Expand to read notes on what these models are and what their properties represent

• ChatName:
  • Maps a GitLab User to a Slack User ID (the chat_id is the Slack User ID like "UF8CHANLW" and not a foreign key to anything).
  • The Slack User ID is sent during a slash command so we can use ChatName to identify a GitLab user from a request from Slack.
  • The strange model name, I think, was born out of earlier work to add Mattermost functionality (open source Slack clone, Mattermost is bundled with Omnibus) when the ChatTeam model was added in gitlab-foss!8746 (merged) (issue gitlab-foss#23964 (closed)).
• SlackIntegration:
  • Should not be confused with Integrations::Slack or any of our three slack integrations 🙃; its purpose is the equivalent of data fields tables (a place to store extra data outside of the integrations table).
  • It's used to look up a Gitlab integration through its team_id property and alias property.
    • The team_id property is not a foreign key (and has nothing to do with ChatTeam) but is a string ID of a Mattermost Team, or Slack Workspace sent during a slash command (e.g. "T02192311").
    • alias is the associated integration's project's full path.
• ChatTeam doesn't appear to play a role in Slack and I think is Mattermost-only.

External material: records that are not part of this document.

Ltac nat_ifs := repeat first [rewrite inordK; [|lia] | case: ifP => /= ?].

Ltac entry_arith i j :=
  rewrite /fweight ?/hweight;
  first [ have -> : j = i by lia | have -> : j = i.+1 by lia | have -> : i = j.+1 by lia | idtac ];
  first [ have -> : i = 0%N by lia | have -> : i = n by lia | idtac ];
  rewrite ?natrM ?natrB; try lia; rewrite -?natr1;
  first [ have -> : (n%:R : R) = 0 by have -> : n = 0%N by lia | idtac ];
  ring.

Lemma prin_ad_EF : ad E F = H.
Proof.
rewrite /ad -!mulmxE; apply/matrixP => i j; rewrite entryB prinE_mull prinF_mull !mxE -val_eqE.
case: i j => [i lt_id] [j lt_jd] /=; nat_ifs; try lia.
all: entry_arith i j.
Qed.

Lemma prin_ad_HE : ad H E = 2 *: E.
Proof.
rewrite /ad -!mulmxE; apply/matrixP => i j; rewrite entryB prinH_mull prinH_mulr entryZ !mxE.
case: i j => [i lt_id] [j lt_jd] /=; nat_ifs; try lia.
all: entry_arith i j.
Qed.

Lemma prin_ad_HF : ad H F = (-2) *: F.
Proof.
rewrite /ad -!mulmxE; apply/matrixP => i j; rewrite entryB prinH_mull prinH_mulr entryZ !mxE.
case: i j => [i lt_id] [j lt_jd] /=; nat_ifs; try lia.
all: entry_arith i j.
Qed.

Lemma prin_casimir_diag X i : (i < d)%N ->
  let y k := X (inord k) (inord k) in
  (ad E (ad F X) + ad F (ad E X)) (inord i) (inord i) =
  2 * (fweight i.+1 * (y i - y i.+1) - fweight i * (y i.-1 - y i)).
Proof.
move=> lt_id y; rewrite /y /ad -!mulmxE.
repeat first [ rewrite !(entryD, entryB, entryN, prinE_mull, prinE_mulr, prinF_mull, prinF_mulr)
              | rewrite inordK; [|lia] | rewrite prednK; [|lia] | case: ifP => /= ? ]; try lia.
all: entry_arith i i.
Qed.
Lemma dist_eq1 x y : (dist x y == 1) = adj x y.
Proof.
have le1 : (dist x y <= 1) = (x == y) || adj x y.
  rewrite -withinE /=; congr (_ || _); apply/existsP/idP => [[z /andP [/eqP -> //]]|].
  by exists x; rewrite eqxx.
have := dist_eq0 x y; case: eqVneq le1 => [-> _ /eqP -> |_ /= le1 /negbT];
  first by rewrite adj_irr.
by rewrite -le1; case: (dist x y) => [|[|]].
Qed.

Lemma leq_dist_adj x y z : adj y z -> dist x z <= (dist x y).+1.
Proof. by move=> hyz; rewrite -withinE; apply: within_step hyz; rewrite withinE. Qed.

Lemma dist_predP x y : 0 < dist x y -> exists2 z, adj z y & dist x z = (dist x y).-1.
Proof.
have := leqnn (dist x y); rewrite -withinE.
case hd: (dist x y) => [|n] //= /orP [hw|/existsP [z /andP [hz hzy]]] _.
  by move: hw; rewrite withinE hd ltnn.
exists z => //; apply/eqP; rewrite eqn_leq -withinE hz.
by have := leq_dist_adj x hzy; rewrite hd.
Qed.

Lemma dist_intermediate x y m : m <= dist x y -> exists w, dist x w = m.
Proof.
move hd: (dist x y) => n; elim: n y hd => [|n IH] y hd hm.
  by exists y; rewrite hd; apply/eqP; rewrite eq_sym -leqn0.
case: (ltnP m n.+1) => hmn; last by exists y; lia.
have /dist_predP [z _] : 0 < dist x y by rewrite hd.
rewrite hd => hz.
exact: IH hz hmn.
Qed.

Lemma diameter_leq n : (forall x y, dist x y <= n) -> diameter adj <= n.
Proof. by move=> hn; apply/bigmax_leqP => x _; apply/bigmax_leqP => y _. Qed.

Lemma diameter_geq n : 0 < n <= diameter adj -> exists x y, dist x y = n.
Proof.
case/andP=> n_gt0 hn; have [/existsP [x /existsP [y hxy]]|/existsPn far] :=
  boolP [exists x, exists y, n <= dist x y].
  by have [w hw] := dist_intermediate hxy; exists x, w.
suff : diameter adj <= n.-1 by lia.
by apply: diameter_leq => x y; move/existsPn: (far x) => /(_ y); rewrite -ltnNge; lia.
Qed.

Lemma odd_distE x v w :
  (forall u u', adj u u' -> odd (dist x u') = ~~ odd (dist x u)) ->
  odd (dist v w) = odd (dist x v) (+) odd (dist x w).
Proof.
move=> flip; move hd: (dist v w) => n; elim: n w hd => [|n IH] w hd.
  by move/eqP: hd; rewrite dist_eq0 => /eqP ->; rewrite addbb.
have /dist_predP [z hzw] : 0 < dist v w by rewrite hd.
by rewrite hd /= => /IH ->; rewrite (flip _ _ hzw) addbN.
Qed.

Definition quad_form_le_norm (R : numDomainType) := forall f : T -> R,
  (\sum_u f u = 0 -> \sum_u \sum_v (adj u v)%:R * f u * f v <= \sum_u f u ^+ 2)%R.

Lemma double_count (A B : pred T) :
  \sum_(u | A u) #|[set v | adj u v & B v]| =
  \sum_(v | B v) #|[set u | adj v u & A u]|.
Proof.
have edges (P Q : pred T) : \sum_(u | P u) #|[set v | adj u v & Q v]| =
    \sum_u \sum_v (P u && adj u v && Q v : nat).
  rewrite big_mkcond; apply: eq_bigr => u _; rewrite card_set_sum.
  by case: (P u) => //=; rewrite big1.
rewrite !edges exchange_big; apply: eq_bigr => v _; apply: eq_bigr => u _.
by rewrite (adj_sym u v); case: (A u); case: (B v); rewrite ?andbF ?andbT.
Qed.

Section Regular.
Variable k : nat.
Hypothesis adj_regular : forall x, #|[set y | adj x y]| = k.
Local Open Scope ring_scope.
Local Open Scope sesquilinear_scope.

Lemma sum_adj (V : pzSemiRingType) x : \sum_y (adj x y)%:R = k%:R :> V.
Proof. by rewrite -(adj_regular x) card_set_sum natr_sum. Qed.

Lemma regular_energy_eq0 (C : numClosedFieldType) (v : T -> C) :
  (forall x, \sum_y (adj x y)%:R * v y = k%:R * v x) ->
  \sum_x \sum_y (adj x y)%:R * ((v x - v y) * (v x - v y)^*) = 0.
Proof.
move=> hv; pose F x := v x * (v x)^*.
have S1 : \sum_x \sum_y (adj x y)%:R * F x = \sum_x k%:R * F x.
  by apply: eq_bigr => x _; rewrite -mulr_suml sum_adj.
have S2 : \sum_x \sum_y (adj x y)%:R * F y = \sum_x k%:R * F x.
  rewrite exchange_big -S1; apply: eq_bigr => x _.
  by apply: eq_bigr => y _; rewrite adj_sym.
have S3 : \sum_x \sum_y (adj x y)%:R * (v x * (v y)^*) = \sum_x k%:R * F x.
  apply: eq_bigr => x _.
  have -> : k%:R * F x = v x * (k%:R * v x)^* by rewrite /F rmorphM rmorph_nat; ring.
  rewrite -hv rmorph_sum mulr_sumr.
  by apply: eq_bigr => y _; rewrite rmorphM rmorph_nat; ring.
have S4 : \sum_x \sum_y (adj x y)%:R * (v y * (v x)^*) = \sum_x k%:R * F x.
  apply: eq_bigr => x _; rewrite /F mulrA -hv mulr_suml.
  by apply: eq_bigr => y _; ring.
transitivity (\sum_x \sum_y (adj x y)%:R * F x + \sum_x \sum_y (adj x y)%:R * F y
  - \sum_x \sum_y (adj x y)%:R * (v x * (v y)^*)
  - \sum_x \sum_y (adj x y)%:R * (v y * (v x)^*)); last by rewrite S1 S2 S3 S4; ring.
rewrite -big_split -!sumrB /=; apply: eq_bigr => x _.
rewrite -big_split -!sumrB /=; apply: eq_bigr => y _.
by rewrite /F rmorphB /=; ring.
Qed.

Lemma regular_eigenfun_const (C : numClosedFieldType) (v : T -> C) :
  (forall x, \sum_y (adj x y)%:R * v y = k%:R * v x) -> forall x y, v x = v y.
Proof.
move=> /regular_energy_eq0 energy0.
have term_ge0 x y : 0 <= (adj x y)%:R * ((v x - v y) * (v x - v y)^*).
  by rewrite mulr_ge0 ?ler0n ?mul_conjC_ge0.
have edge_eq x y : adj x y -> v x = v y.
  have row0 := psumr_eq0P (fun u _ => sumr_ge0 _ (fun w _ => term_ge0 u w)) energy0.
  have := psumr_eq0P (fun w _ => term_ge0 x w) (row0 x isT) (i := y) isT.
  by move=> /eqP + hxy; rewrite hxy mul1r mul_conjC_eq0 subr_eq0 => /eqP.
move=> x y; apply/eqP; rewrite -[_ == _]/(y \in [pred z | v x == v z]).
rewrite -(closed_connect _ (adj_conn x y)) ?inE // => u w /edge_eq.
by rewrite !inE => ->.
Qed.

Section Spectrum.
Variable R : rcfType.
Hypothesis nontrivial_eigen_le1 :
  forall theta : R, eigenvalue (adjmx adj R) theta -> theta != k%:R -> theta <= 1.
Local Notation C := R[i].
Local Notation A := (adjmx adj C).

Lemma adjmx_conj : A^t* = A.
Proof. by apply/matrixP => i j; rewrite !mxE conjC_nat adj_sym. Qed.

Lemma eigenvalue_adjmx_real (x : R) :
  eigenvalue A (real_complex R x) -> eigenvalue (adjmx adj R) x.
Proof.
have -> : A = (adjmx adj R) ^ (real_complex R).
  by apply/matrixP => i j; rewrite !mxE rmorph_nat.
by rewrite !eigenvalue_root_char -map_char_poly fmorph_root.
Qed.

Lemma adjmx_eigenrow_const (r : 'rV[C]_#|T|) :
  r *m A = k%:R *: r -> forall i j, r 0 i = r 0 j.
Proof.
move=> hr i j; rewrite -(enum_valK i) -(enum_valK j).
apply: (@regular_eigenfun_const _ (fun u => r 0 (enum_rank u))).
move=> x; move/matrixP: hr => /(_ 0 (enum_rank x)); rewrite !mxE sum_enum_rank => <-.
by apply: eq_bigr => y _; rewrite !mxE !enum_rankK adj_sym mulrC.
Qed.

Lemma adjacency_form_le : quad_form_le_norm R.
Proof.
move=> f f_sum0; pose g : 'rV[C]_#|T| := \row_j real_complex R (f (enum_val j)).
have formE : (g *m A *m g^t*) 0 0 = real_complex R (\sum_u \sum_v (adj u v)%:R * f u * f v).
  rewrite !mxE sum_enum_rank rmorph_sum; apply: eq_bigr => u _.
  rewrite !mxE sum_enum_rank rmorph_sum mulr_suml; apply: eq_bigr => v _.
  rewrite !mxE !enum_rankK conjC_real_complex !rmorphM rmorph_nat /= (adj_sym v u).
  ring.
have normE : (g *m g^t*) 0 0 = real_complex R (\sum_u f u ^+ 2).
  rewrite !mxE sum_enum_rank rmorph_sum; apply: eq_bigr => u _.
  by rewrite !mxE !enum_rankK conjC_real_complex rmorphXn expr2.
rewrite -lecR -formE -normE; apply: normalmx_form_le => [|r d r0 hr gr0].
  by apply/normalmxP; rewrite adjmx_conj.
have d_real : d \is Num.real := hermitian_eigen_real adjmx_conj r0 hr.
rewrite -(RRe_real d_real) -(rmorph1 (real_complex R)) lecR.
apply: nontrivial_eigen_le1.
  by rewrite eigenvalue_adjmx_real // RRe_real //; apply/eigenvalueP; exists r.
(* An eigenvector for k is constant, hence orthogonal to g. *)
apply: contra_neq gr0 => dk; rewrite -(RRe_real d_real) dk rmorph_nat in hr.
have r_const := adjmx_eigenrow_const hr.
apply/matrixP => ? ?; rewrite !ord1 !mxE.
have [i0 _|no_index] := pickP (@predT 'I_#|T|); last by rewrite big_pred0.
under eq_bigr => j _ do rewrite !mxE (r_const j i0).
by rewrite -mulr_suml -rmorph_sum -(big_enum_val (A := T) f) /= f_sum0 rmorph0 mul0r.
Qed.
End Spectrum.
End Regular.

Definition adj_form (F G : T -> nat) := \sum_u \sum_v adj u v * F u * G v.

Lemma adj_formC F G : adj_form F G = adj_form G F.
Proof.
rewrite /adj_form exchange_big; apply: eq_bigr => u _; apply: eq_bigr => v _.
by rewrite adj_sym mulnAC mulnC mulnA.
Qed.

Section FormBound.
Local Open Scope ring_scope.
Variable R : realDomainType.
Hypothesis form_le : quad_form_le_norm R.

Lemma adj_form_diff_le (F G : T -> nat) : (\sum_u F u = \sum_u G u)%N ->
  (adj_form F F + adj_form G G + 2 * \sum_u F u * G u <=
   \sum_u F u ^ 2 + \sum_u G u ^ 2 + 2 * adj_form F G)%N.
Proof.
move=> sumFG; pose f u : R := (F u)%:R - (G u)%:R.
have := @form_le f; rewrite sumrB -!natr_sum sumFG subrr => /(_ erefl).
have -> : \sum_u \sum_v (adj u v)%:R * f u * f v = (adj_form F F)%:R
    - (adj_form F G)%:R - (adj_form G F)%:R + (adj_form G G)%:R :> R.
  rewrite /adj_form !natr_sum -!sumrB -big_split /=; apply: eq_bigr => u _.
  rewrite !natr_sum -!sumrB -big_split /=; apply: eq_bigr => v _.
  by rewrite /f !natrM; ring.
have -> : \sum_u f u ^+ 2 = (\sum_u F u ^ 2)%N%:R + (\sum_u G u ^ 2)%N%:R
    - 2 * (\sum_u F u * G u)%N%:R :> R.
  rewrite !natr_sum mulr_sumr -big_split -sumrB /=; apply: eq_bigr => u _.
  by rewrite /f !natrX natrM; ring.
rewrite (adj_formC G F) -(ler_nat R) !natrD => h.
lra.
Qed.
End FormBound.

Section DistanceRegular.
Variables b c : nat -> nat.
Hypothesis adj_dr : distance_regular adj b c.
Local Notation k := (b 0).

(* The intersection number a_i; the truncated subtraction is exact whenever distance i
   occurs, see [intersection_sum]. *)
Definition isect_a i := k - (c i + b i).

Lemma adj_regular y : #|[set z | adj y z]| = k.
Proof.
have [_] := adj_dr y y; have /eqP -> : dist y y == 0 by rewrite dist_eq0.
by move=> <-; apply: eq_card => z; rewrite !inE dist_eq1 andbb.
Qed.

Lemma card_adj_partition x y :
  c (dist x y) + #|[set z | adj y z & dist x z == dist x y]| + b (dist x y) = k.
Proof.
have [<- <-] := adj_dr x y; rewrite -(adj_regular y) !card_set_sum -!big_split /=.
apply: eq_bigr => z _; case hyz: (adj y z) => //=.
have := leq_dist_adj x hyz; rewrite adj_sym in hyz; have := leq_dist_adj x hyz.
lia.
Qed.

Lemma card_adj_level x y :
  #|[set z | adj y z & dist x z == dist x y]| = isect_a (dist x y).
Proof. by have := card_adj_partition x y; rewrite /isect_a; lia. Qed.

Lemma intersection_sum x y : c (dist x y) + isect_a (dist x y) + b (dist x y) = k.
Proof. by rewrite -card_adj_level card_adj_partition. Qed.
Lemma rho_S_prim_lt (x y : R) : -1 < x -> x < y -> y < 1 -> rho_S_prim x < rho_S_prim y.
Proof.
  intros hx hxy hy.
  destruct (MVT_gen rho_S_prim x y (fun u => rho_S (u, 0))) as [c [hc e]];
    rewrite Rmin_left, Rmax_right in * by lra.
  - intros u hu. apply is_derive_rho_S_prim. lra.
  - intros u hu. apply continuity_pt_filterlim.
    apply (ex_derive_continuous (K := R_AbsRing) (V := R_NormedModule)).
    eexists. apply is_derive_rho_S_prim. lra.
  - assert (PI / 2 <= rho_S (c, 0)) by (apply rho_S_ge; unfold in_strip, ReP; simpl; lra).
    pose proof PI2_RGT_0. nra.
Qed.

Lemma rho_S_prim_le (x y : R) : -1 < x < 1 -> -1 < y < 1 ->
  (rho_S_prim x <= rho_S_prim y <-> x <= y).
Proof.
  intros hx hy. split; intros h.
  - destruct (Rle_or_lt x y) as [|hlt]; [assumption|].
    pose proof (rho_S_prim_lt y x ltac:(lra) hlt ltac:(lra)). lra.
  - destruct (Rle_lt_or_eq_dec _ _ h) as [hlt|<-]; [|lra].
    left. apply rho_S_prim_lt; lra.
Qed.

Lemma atan_scaled_bound (r : R) : -1 < r < 1 -> -1 < 4 / PI * atan r < 1.
Proof.
  intros hr. pose proof PI_RGT_0.
  assert (atan (-1) < atan r < atan 1) by (split; apply atan_increasing; lra).
  replace (atan (-1)) with (- atan 1) in * by (rewrite <- atan_opp; f_equal; ring).
  rewrite atan_1 in *.
  split; apply Rmult_lt_reg_l with (PI / 4); try lra; field_simplify; lra.
Qed.

Lemma rho_S_prim_atan (r : R) : -1 < r < 1 -> rho_S_prim (4 / PI * atan r) = lambda r.
Proof.
  intros hr. pose proof PI_RGT_0.
  unfold rho_S_prim, lambda.
  replace (PI / 2 * (4 / PI * atan r)) with (2 * atan r) by (field; lra).
  rewrite sin_2a, cos_2a, sin_atan, cos_atan.
  assert (hq : 0 < sqrt (1 + r²)) by (apply sqrt_lt_R0; unfold Rsqr; nra).
  assert (e : sqrt (1 + r²) * sqrt (1 + r²) = 1 + r * r) by (rewrite sqrt_sqrt; unfold Rsqr; nra).
  f_equal. field_simplify_eq.
  - replace (sqrt (1 + r²) ^ 2) with (1 + r * r) by (rewrite <- e; ring). ring.
  - repeat split; nra.
Qed.

Lemma Rabs_rho_S_prim_le_lambda (x r : R) : -1 < x < 1 -> -1 < r < 1 ->
  (Rabs (rho_S_prim x) <= lambda r <-> Rabs x <= 4 / PI * atan r).
Proof.
  intros hx hr. pose proof (atan_scaled_bound r hr).
  rewrite <- (rho_S_prim_atan r hr), !Rabs_le_between, <- rho_S_prim_opp by lra.
  rewrite !rho_S_prim_le by lra. reflexivity.
Qed.

Lemma Rabs_sub_le_RInt (P dP f : R -> R) (a b : R) : a <= b ->
  (forall t, a <= t <= b -> is_derive P t (dP t)) ->
  (forall t, a <= t <= b -> continuous dP t) ->
  ex_RInt f a b ->
  (forall t, a < t < b -> Rabs (dP t) <= f t) ->
  Rabs (P b - P a) <= RInt f a b.
Proof.
  intros hab hP hdP hf hle.
  assert (hI : is_RInt dP a b (P b - P a)).
  { apply (is_RInt_derive (V := R_CompleteNormedModule));
      rewrite Rmin_left, Rmax_right; auto. }
  rewrite <- (is_RInt_unique _ _ _ _ hI).
  apply Rle_trans with (RInt (fun t => Rabs (dP t)) a b).
  - apply abs_RInt_le; [assumption | eexists; exact hI].
  - apply RInt_le; auto. exact (ex_RInt_norm _ _ _ (ex_intro _ _ hI)).
Qed.

Lemma Rabs_le_sqrt_sum_sq (a b : R) : Rabs a <= sqrt (a ^ 2 + b ^ 2).
Proof. rewrite <- sqrt_Rsqr_abs. apply sqrt_le_1_alt. unfold Rsqr. nra. Qed.

Definition hyp_speed (gx gy : R -> R) (t : R) : R :=
  rho_S (gx t, gy t) * sqrt (Derive gx t ^ 2 + Derive gy t ^ 2).

Lemma ex_RInt_hyp_speed (gx gy : R -> R) (z1 z2 : R * R) :
  admissible_curve gx gy z1 z2 -> ex_RInt (hyp_speed gx gy) 0 1.
Proof.
  intros [hc _]. apply (ex_RInt_continuous (V := R_CompleteNormedModule)).
  rewrite Rmin_left, Rmax_right by lra. intros t ht.
  destruct (hc t ht) as [dx [_ [cx [cy st]]]].
  apply (continuous_mult (K := R_AbsRing)).
  - apply (continuous_comp gx (fun u => rho_S (u, 0))).
    + exact (ex_derive_continuous (K := R_AbsRing) (V := R_NormedModule) _ _ dx).
    + exact (continuous_rho_S_real _ st).
  - apply continuous_sqrt_comp, (continuous_plus (V := R_NormedModule));
      apply (continuous_comp _ (fun y => y ^ 2)); auto;
      apply (ex_derive_continuous (K := R_AbsRing) (V := R_NormedModule)); auto_derive; auto.
Qed.

Lemma hyp_length_ge_Re (gx gy : R -> R) (z1 z2 : R * R) :
  admissible_curve gx gy z1 z2 ->
  Rabs (rho_S_prim (ReP z2) - rho_S_prim (ReP z1)) <= hyp_length gx gy.
Proof.
  intros hg. pose proof (ex_RInt_hyp_speed _ _ _ _ hg) as hint.
  destruct hg as [hc [<- <-]].
  apply (Rabs_sub_le_RInt (fun t => rho_S_prim (gx t)) (fun t => rho_S (gx t, 0) * Derive gx t));
    [lra | | | exact hint |]; intros t ht; destruct (hc t ltac:(lra)) as [dx [_ [cx [_ st]]]].
  - rewrite Rmult_comm. apply (is_derive_comp rho_S_prim gx).
    + exact (is_derive_rho_S_prim _ st).
    + exact (Derive_correct _ _ dx).
  - apply (continuous_mult (K := R_AbsRing)); [|exact cx].
    apply (continuous_comp gx (fun u => rho_S (u, 0))); [|exact (continuous_rho_S_real _ st)].
    exact (ex_derive_continuous (K := R_AbsRing) (V := R_NormedModule) _ _ dx).
  - pose proof (rho_S_ge _ st). pose proof PI2_RGT_0.
    change (rho_S (gx t, 0)) with (rho_S (gx t, gy t)).
    rewrite Rabs_mult, (Rabs_pos_eq (rho_S _)) by lra.
    apply Rmult_le_compat_l; [lra | apply Rabs_le_sqrt_sum_sq].
Qed.

Lemma hyp_length_ge_Im (gx gy : R -> R) (z1 z2 : R * R) :
  admissible_curve gx gy z1 z2 ->
  PI / 2 * Rabs (ImP z2 - ImP z1) <= hyp_length gx gy.
Proof.
  intros hg. pose proof (ex_RInt_hyp_speed _ _ _ _ hg) as hint. pose proof PI2_RGT_0.
  destruct hg as [hc [<- <-]].
  rewrite <- (Rabs_pos_eq (PI / 2)), <- Rabs_mult, Rmult_minus_distr_l by lra.
  apply (Rabs_sub_le_RInt (fun t => PI / 2 * gy t) (fun t => PI / 2 * Derive gy t));
    [lra | | | exact hint |]; intros t ht; destruct (hc t ltac:(lra)) as [_ [dy [_ [cy st]]]].
  - apply is_derive_scal, Derive_correct, dy.
  - apply (continuous_mult (K := R_AbsRing)); [apply continuous_const | exact cy].
  - pose proof (rho_S_ge _ st).
    rewrite Rabs_mult, (Rabs_pos_eq (PI / 2)) by lra.
    apply Rmult_le_compat; [lra | apply Rabs_pos | lra |].
    rewrite Rplus_comm. apply Rabs_le_sqrt_sum_sq.
Qed.

Lemma d_S_ge (z1 z2 : R * R) (m : R) :
  (forall gx gy, admissible_curve gx gy z1 z2 -> m <= hyp_length gx gy) ->
  Rbar_le m (d_S z1 z2).
Proof. intros h. apply Glb_Rbar_correct. intros L [gx [gy [hg ->]]]. exact (h gx gy hg). Qed.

Expand to read how this modelling is used to identify a GitLab \`User\` from a Slack request.

1. Request comes to slack/trigger API endpoint with params containing the team_id (ID in Slack of the workspace) and user_id (ID in Slack of the user). All params are passed to SlashCommands::GlobalSlackHandler.
2. In SlashCommands::GlobalSlackHandler, the associated Integrations::GitlabSlackApplication is found and the integration and params are passed to ChatNames::FindUserService.
3. In ChatNames::FindUserService, the associated ChatName is found by the team_id , user_id and integration.
4. The associated GitLab user can then be found from ChatName.

⏩ Proposed re-modelling (technical)

We would create two new models, neither of which would require an associated integration:

• Integrations::Slack::Workspace would replaces SlackIntegration.
• Integrations::Slack::User would replace ChatName.

We would migrate all Slack users from ChatName to Integrations::Slack::User (leaving Mattermost ChatName records), and migrate team_id and team_name and bot data from SlackIntegration to Integrations::Slack::Workspace. The SlackIntegration#alias property would be migrated to the integration's encrypted properties.

This would be the modelling:

erDiagram
  Integrations_Slack_Workspace
  Integrations_Slack_User }o--|| User : "belongs to"
  Integrations_Slack_Workspace ||--o{ Integrations_Slack_User : "has many"          

  Integrations_Slack_User {
      integer workspace_id
      string slack_id
      integer user_id
  }

  Integrations_Slack_Workspace {
      string slack_id
      string token
  }

When a project/group integration needs to be created, they would be associated in this way:

erDiagram
  Integrations_Slack_User }o--|| User : "belongs to"
  Integrations_Slack_Workspace ||--o{ Integrations_Slack_User : "has many"
  Integrations_GitlabSlackApplication ||--|| Project : "belongs to"
  Integrations_Slack_Workspace ||--o{ Integrations_GitlabSlackApplication : "has many"

  Integrations_Slack_User {
      integer workspace_id
      string slack_id
      integer user_id
  }

  Integrations_Slack_Workspace {
      string slack_id
      string token
  }

The downside is that we would need to migrate a slack_workspace_id FK into the integrations table.

TODO Implementation

Migration

TODO details. One issue per step.

Slack app landing page

TODO details. We would still want people to install the Slack app through GitLab, for us to gain a bot token for the workspace. We wouldn't need them to choose a project first.